__Work item__
Retype only the lines at the head of the records, first through the one with "the limit of", exactly as written.

[Dataset entries]
(* Let $q\ge1$ and assume Hypothesis (H$_q$). Then for every $\theta>0$, $$\Big|f\Big(\frac{m(a+b)}{2}\Big)-\frac{\Gamma(\theta+1)2^{\theta-1}}{m^\theta(b-a)^\theta}\Big[J^\theta_{(\frac{m(a+b)}{2})^-}f(ma)+J^\theta_{(\frac{m(a+b)}{2})^+}f(mb)\Big]\Big|$$ $$\le\frac{m(b-a)}{4}\cdot\frac{1}{\theta+1}\Big(\frac{1}{\alpha+\theta+1}\Big)^{\frac1q}\Big\{\Big[(\theta+1)\Big|f'\Big(\frac{m(a+b)}2\Big)\Big|^q+\alpha m|f'(a)|^q\Big]^{\frac1q}+\Big[(\theta+1)\Big|f'\Big(\frac{m(a+b)}2\Big)\Big|^q+\alpha m|f'(b)|^q\Big]^{\frac1q}\Big\}.$$
   Context: Let $\Gamma$ denote Euler's Gamma function. For $\theta>0$, $c=\frac{m(a+b)}{2}$: $J^\theta_{c^-}f(ma)=\frac{1}{\Gamma(\theta)}\int_{ma}^{c}(s-ma)^{\theta-1}f(s)\,ds$ and $J^\theta_{c^+}f(mb)=\frac{1}{\Gamma(\theta)}\int_{c}^{mb}(mb-s)^{\theta-1}f(s)\,ds$. $(\alpha,m)$-convexity: for $(\alpha,m)\in[0,1]\times(0,1]$ and an interval $K\subseteq[0,\infty)$, a function $g:K\to\mathbb{R}$ is $(\alpha,m)$-convex on $K$ if $g(tX+m(1-t)Y)\le t^\alpha g(X)+m(1-t^\alpha)g(Y)$ for all $X,Y\in K$ and $t\in[0,1]$ with $tX+m(1-t)Y\in K$ (convention $0^0=1$). Hypothesis (H$_q$): $I\subseteq[0,\infty)$ is an interval, $f:I\to\mathbb{R}$ is differentiable on the interior $I^\circ$, $m\in(0,1]$, $\alpha\in[0,1]$, $a<b$ with $ma,b\in I^\circ$, $f'$ is Lebesgue integrable on $[ma,mb]$, and $|f'|^q$ is $(\alpha,m)$-convex on $[ma,b]$. *)

From Stdlib Require Import Reals Lra ClassicalEpsilon.
Open Scope R_scope.

(* Real power with the conventions x^0 = 1 (incl. 0^0 = 1) and 0^y = 0 for y <> 0;
   for x > 0 it is Rpower x y = exp (y ln x). Only used with x >= 0. *)
Definition rpow (x y : R) : R :=
  if Req_EM_T x 0 then (if Req_EM_T y 0 then 1 else 0) else Rpower x y.

(* Improper Riemann integral over the open interval (lo, hi), lo < hi:
   the limit of int_x^y g as x -> lo+ and y -> hi-. *)
Definition improper_int_is (g : R -> R) (lo hi v : R) : Prop :=
  (forall x y, lo < x -> x <= y -> y < hi -> inhabited (Riemann_integrable g x y)) /\
  (forall eps, 0 < eps -> exists delta, 0 < delta /\
     forall x y (pr : Riemann_integrable g x y),
       lo < x -> x < lo + delta -> x <= y -> hi - delta < y -> y < hi ->
       Rabs (RiemannInt pr - v) < eps).

Definition improper_int (g : R -> R) (lo hi : R) : R :=
  epsilon (inhabits 0) (fun v => improper_int_is g lo hi v).

Definition improper_int_0_infty_is (g : R -> R) (v : R) : Prop :=
  (forall x y, 0 < x -> x <= y -> inhabited (Riemann_integrable g x y)) /\
  (forall eps, 0 < eps -> exists delta M, 0 < delta /\
     forall x y (pr : Riemann_integrable g x y),
       0 < x -> x < delta -> x <= y -> M < y ->
       Rabs (RiemannInt pr - v) < eps).

Definition Gamma (t : R) : R :=
  epsilon (inhabits 0)
    (fun v => improper_int_0_infty_is (fun s => Rpower s (t - 1) * exp (- s)) v).

(* Riemann--Liouville fractional integrals, with c the upper/lower endpoint:
   J^th_{c-} f(x) = 1/Gamma(th) int_x^c (s-x)^(th-1) f(s) ds
   J^th_{c+} f(y) = 1/Gamma(th) int_c^y (y-s)^(th-1) f(s) ds *)
Definition J_left (th : R) (c : R) (f : R -> R) (x : R) : R :=
  / Gamma th * improper_int (fun s => Rpower (s - x) (th - 1) * f s) x c.

Definition J_right (th : R) (c : R) (f : R -> R) (y : R) : R :=
  / Gamma th * improper_int (fun s => Rpower (y - s) (th - 1) * f s) c y.

Definition is_interval (I : R -> Prop) : Prop :=
  forall x y z, I x -> I z -> x <= y <= z -> I y.

(* (alpha,m)-convexity on K, with t^alpha := rpow t alpha (so 0^0 = 1). *)
Definition alpha_m_convex (alpha m : R) (K : R -> Prop) (g : R -> R) : Prop :=
  forall X Y t, K X -> K Y -> 0 <= t <= 1 -> K (t * X + m * (1 - t) * Y) ->
    g (t * X + m * (1 - t) * Y) <= rpow t alpha * g X + m * (1 - rpow t alpha) * g Y.

From Stdlib Require Import Reals Lra ClassicalEpsilon Classical FunctionalExtensionality.
From Coquelicot Require Import Coquelicot.
Open Scope R_scope.

(* Put c = m(a+b)/2 and L = c - ma = mb - c.  The reflection s -> -s turns J_right into a
   left-sided integral, so everything rests on a ONE-SIDED ESTIMATE for a function h that is
   differentiable on [lo, hi]: the weighted integral V = int_lo^hi (s-lo)^(th-1) h(s) ds exists
   as an improper integral (the substitution w = (s-lo)^th/th makes it a proper integral of a
   function continuous up to w = 0), and if |h'(s)| <= K0 + K1 (s-lo)^al then
   |h(hi) L^th/th - V| <= K0 L^(th+1)/(th(th+1)) + K1 L^(th+al+1)/(th(th+al+1)).  The proof
   compares h with a primitive of the majorant, so no integrability of h' is needed.
   The majorant comes from (alpha,m)-convexity: |h'|^q lies below tau^alpha A + m(1-tau^alpha) B,
   and the tangent line of the concave map x -> x^(1/q) at the weighted mean Y of this bound
   (a power-mean argument) gives a majorant whose weighted integral is L^(th+1) Y^(1/q)/(th(th+1)).
   Finally Gamma(th+1) = th Gamma(th) > 0, proved from the definition of Gamma, identifies the
   normalising constant, and the mean of the two half estimates is the theorem. *)

(** * Real powers *)

Lemma Rpower_gt0 x y : 0 < Rpower x y.
Proof. unfold Rpower; apply exp_pos. Qed.

Lemma Rpower_1l t : Rpower 1 t = 1.
Proof. unfold Rpower. rewrite ln_1, Rmult_0_r, exp_0. reflexivity. Qed.

Lemma Rpower_plus1 x p : 0 < x -> Rpower x (p + 1) = Rpower x p * x.
Proof. intros Hx. rewrite Rpower_plus, Rpower_1 by exact Hx. reflexivity. Qed.

Lemma Rpower_Rpower_inv x th : 0 < x -> th <> 0 -> Rpower (Rpower x th) (/ th) = x.
Proof. intros Hx Hth. rewrite Rpower_mult, Rinv_r, Rpower_1 by assumption. reflexivity. Qed.

Lemma Rpower_div u L p : 0 < u -> 0 < L -> Rpower (u / L) p = Rpower u p / Rpower L p.
Proof.
  intros Hu HL. unfold Rdiv. rewrite <- Rpower_mult_distr by (try apply Rinv_0_lt_compat; auto).
  f_equal. unfold Rpower. rewrite ln_Rinv, <- exp_Ropp by exact HL. f_equal. ring.
Qed.

Lemma exp_le x y : x <= y -> exp x <= exp y.
Proof. intros [H|<-]; [left; apply exp_increasing, H | lra]. Qed.

Lemma Rpower_le_1 z r : 1 <= z -> r <= 0 -> Rpower z r <= 1.
Proof.
  intros Hz Hr. unfold Rpower. rewrite <- exp_0. apply exp_le.
  assert (0 <= ln z).
  { rewrite <- ln_1. destruct Hz as [Hz|<-]; [left; apply ln_increasing|]; lra. }
  nra.
Qed.

Lemma Rpower_ge_1 z r : 0 < z <= 1 -> r <= 0 -> 1 <= Rpower z r.
Proof.
  intros Hz Hr. unfold Rpower. rewrite <- exp_0. apply exp_le.
  assert (ln z <= 0).
  { rewrite <- ln_1. destruct (proj2 Hz) as [H| ->]; [left; apply ln_increasing|]; lra. }
  nra.
Qed.

Lemma rpow_pos x y : 0 < x -> rpow x y = Rpower x y.
Proof. intros H; unfold rpow; destruct (Req_EM_T x 0); [lra | reflexivity]. Qed.

Lemma rpow_0l y : y <> 0 -> rpow 0 y = 0.
Proof.
  intros H; unfold rpow.
  destruct (Req_EM_T 0 0); [destruct (Req_EM_T y 0); [lra | reflexivity] | lra].
Qed.

Lemma rpow_ge0 x y : 0 <= rpow x y.
Proof.
  unfold rpow. destruct (Req_EM_T x 0); [destruct (Req_EM_T y 0); lra|].
  left; apply Rpower_gt0.
Qed.

Lemma rpow_rpow x q : 0 <= x -> 1 <= q -> rpow (rpow x q) (1 / q) = x.
Proof.
  intros Hx Hq. assert (Hq0 : 1 / q <> 0) by (apply Rgt_not_eq, Rdiv_lt_0_compat; lra).
  destruct (Req_dec x 0) as [->|Hx0].
  - rewrite rpow_0l by lra. apply rpow_0l, Hq0.
  - rewrite (rpow_pos x), rpow_pos by (try apply Rpower_gt0; lra).
    rewrite Rpower_mult. replace (q * (1 / q)) with 1 by (field; lra). apply Rpower_1; lra.
Qed.

Lemma rpow_mult x y p : 0 <= x -> 0 <= y -> p <> 0 -> rpow (x * y) p = rpow x p * rpow y p.
Proof.
  intros Hx Hy Hp. destruct (Req_dec x 0) as [->|Hx0].
  { rewrite Rmult_0_l, rpow_0l by exact Hp. ring. }
  destruct (Req_dec y 0) as [->|Hy0].
  { rewrite Rmult_0_r, rpow_0l by exact Hp. ring. }
  rewrite !rpow_pos by nra. rewrite Rpower_mult_distr; lra.
Qed.

(** * Elementary calculus *)

Lemma is_derive_eq (f : R -> R) x l l' : is_derive f x l -> l = l' -> is_derive f x l'.
Proof. intros H ->; exact H. Qed.

Lemma is_derive_continuous (f : R -> R) x l : is_derive f x l -> continuous f x.
Proof. intros H. apply (ex_derive_continuous (K:=R_AbsRing) (V:=R_NormedModule)). exists l; exact H. Qed.

Lemma continuous_of_eps_delta (f : R -> R) x :
  (forall eps, 0 < eps -> exists d, 0 < d /\ forall y, Rabs (y - x) < d -> Rabs (f y - f x) < eps) ->
  continuous f x.
Proof.
  intros H. apply filterlim_locally. intros [eps He].
  destruct (H eps He) as [d [Hd Hy]]. exists (mkposreal d Hd). intros y Hb. apply Hy, Hb.
Qed.

Lemma nondecreasing_of_derive (k dk : R -> R) (u v : R) : u <= v ->
  (forall s, u <= s <= v -> is_derive k s (dk s)) ->
  (forall s, u <= s <= v -> 0 <= dk s) -> k u <= k v.
Proof.
  intros Huv Hd Hp.
  destruct (MVT_gen k u v dk) as [c [Hc Heq]];
    rewrite ?Rmin_left, ?Rmax_right in * by lra.
  - intros x Hx. apply Hd; lra.
  - intros x Hx. apply continuity_pt_filterlim, (is_derive_continuous _ _ (dk x)), Hd; lra.
  - assert (0 <= dk c * (v - u)) by (apply Rmult_le_pos; [apply Hp; lra | lra]). lra.
Qed.

Lemma increment_le_of_derive_bound (h h' Ga G : R -> R) (s t : R) : s <= t ->
  (forall u, s <= u <= t -> is_derive h u (h' u)) ->
  (forall u, s <= u <= t -> is_derive Ga u (G u)) ->
  (forall u, s <= u <= t -> Rabs (h' u) <= G u) ->
  Rabs (h t - h s) <= Ga t - Ga s.
Proof.
  intros Hst Hh HGa Hb. apply Rabs_le.
  assert (h s + Ga s <= h t + Ga t).
  { apply (nondecreasing_of_derive (fun u => h u + Ga u) (fun u => h' u + G u)); [lra| |].
    - intros u Hu. apply (is_derive_plus h Ga); auto.
    - intros u Hu. specialize (Hb u Hu). apply Rabs_le_between in Hb. lra. }
  assert (Ga s - h s <= Ga t - h t).
  { apply (nondecreasing_of_derive (fun u => Ga u - h u) (fun u => G u - h' u)); [lra| |].
    - intros u Hu. apply (is_derive_minus Ga h); auto.
    - intros u Hu. specialize (Hb u Hu). apply Rabs_le_between in Hb. lra. }
  lra.
Qed.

__Solution to this task__
(* Let $q\ge1$ and assume Hypothesis (H$_q$). Then for every $\theta>0$, $$\Big|f\Big(\frac{m(a+b)}{2}\Big)-\frac{\Gamma(\theta+1)2^{\theta-1}}{m^\theta(b-a)^\theta}\Big[J^\theta_{(\frac{m(a+b)}{2})^-}f(ma)+J^\theta_{(\frac{m(a+b)}{2})^+}f(mb)\Big]\Big|$$ $$\le\frac{m(b-a)}{4}\cdot\frac{1}{\theta+1}\Big(\frac{1}{\alpha+\theta+1}\Big)^{\frac1q}\Big\{\Big[(\theta+1)\Big|f'\Big(\frac{m(a+b)}2\Big)\Big|^q+\alpha m|f'(a)|^q\Big]^{\frac1q}+\Big[(\theta+1)\Big|f'\Big(\frac{m(a+b)}2\Big)\Big|^q+\alpha m|f'(b)|^q\Big]^{\frac1q}\Big\}.$$
   Context: Let $\Gamma$ denote Euler's Gamma function. For $\theta>0$, $c=\frac{m(a+b)}{2}$: $J^\theta_{c^-}f(ma)=\frac{1}{\Gamma(\theta)}\int_{ma}^{c}(s-ma)^{\theta-1}f(s)\,ds$ and $J^\theta_{c^+}f(mb)=\frac{1}{\Gamma(\theta)}\int_{c}^{mb}(mb-s)^{\theta-1}f(s)\,ds$. $(\alpha,m)$-convexity: for $(\alpha,m)\in[0,1]\times(0,1]$ and an interval $K\subseteq[0,\infty)$, a function $g:K\to\mathbb{R}$ is $(\alpha,m)$-convex on $K$ if $g(tX+m(1-t)Y)\le t^\alpha g(X)+m(1-t^\alpha)g(Y)$ for all $X,Y\in K$ and $t\in[0,1]$ with $tX+m(1-t)Y\in K$ (convention $0^0=1$). Hypothesis (H$_q$): $I\subseteq[0,\infty)$ is an interval, $f:I\to\mathbb{R}$ is differentiable on the interior $I^\circ$, $m\in(0,1]$, $\alpha\in[0,1]$, $a<b$ with $ma,b\in I^\circ$, $f'$ is Lebesgue integrable on $[ma,mb]$, and $|f'|^q$ is $(\alpha,m)$-convex on $[ma,b]$. *)

From Stdlib Require Import Reals Lra ClassicalEpsilon.
Open Scope R_scope.

(* Real power with the conventions x^0 = 1 (incl. 0^0 = 1) and 0^y = 0 for y <> 0;
   for x > 0 it is Rpower x y = exp (y ln x). Only used with x >= 0. *)
Definition rpow (x y : R) : R :=
  if Req_EM_T x 0 then (if Req_EM_T y 0 then 1 else 0) else Rpower x y.

(* Improper Riemann integral over the open interval (lo, hi), lo < hi:
   the limit of int_x^y g as x -> lo+ and y -> hi-. *)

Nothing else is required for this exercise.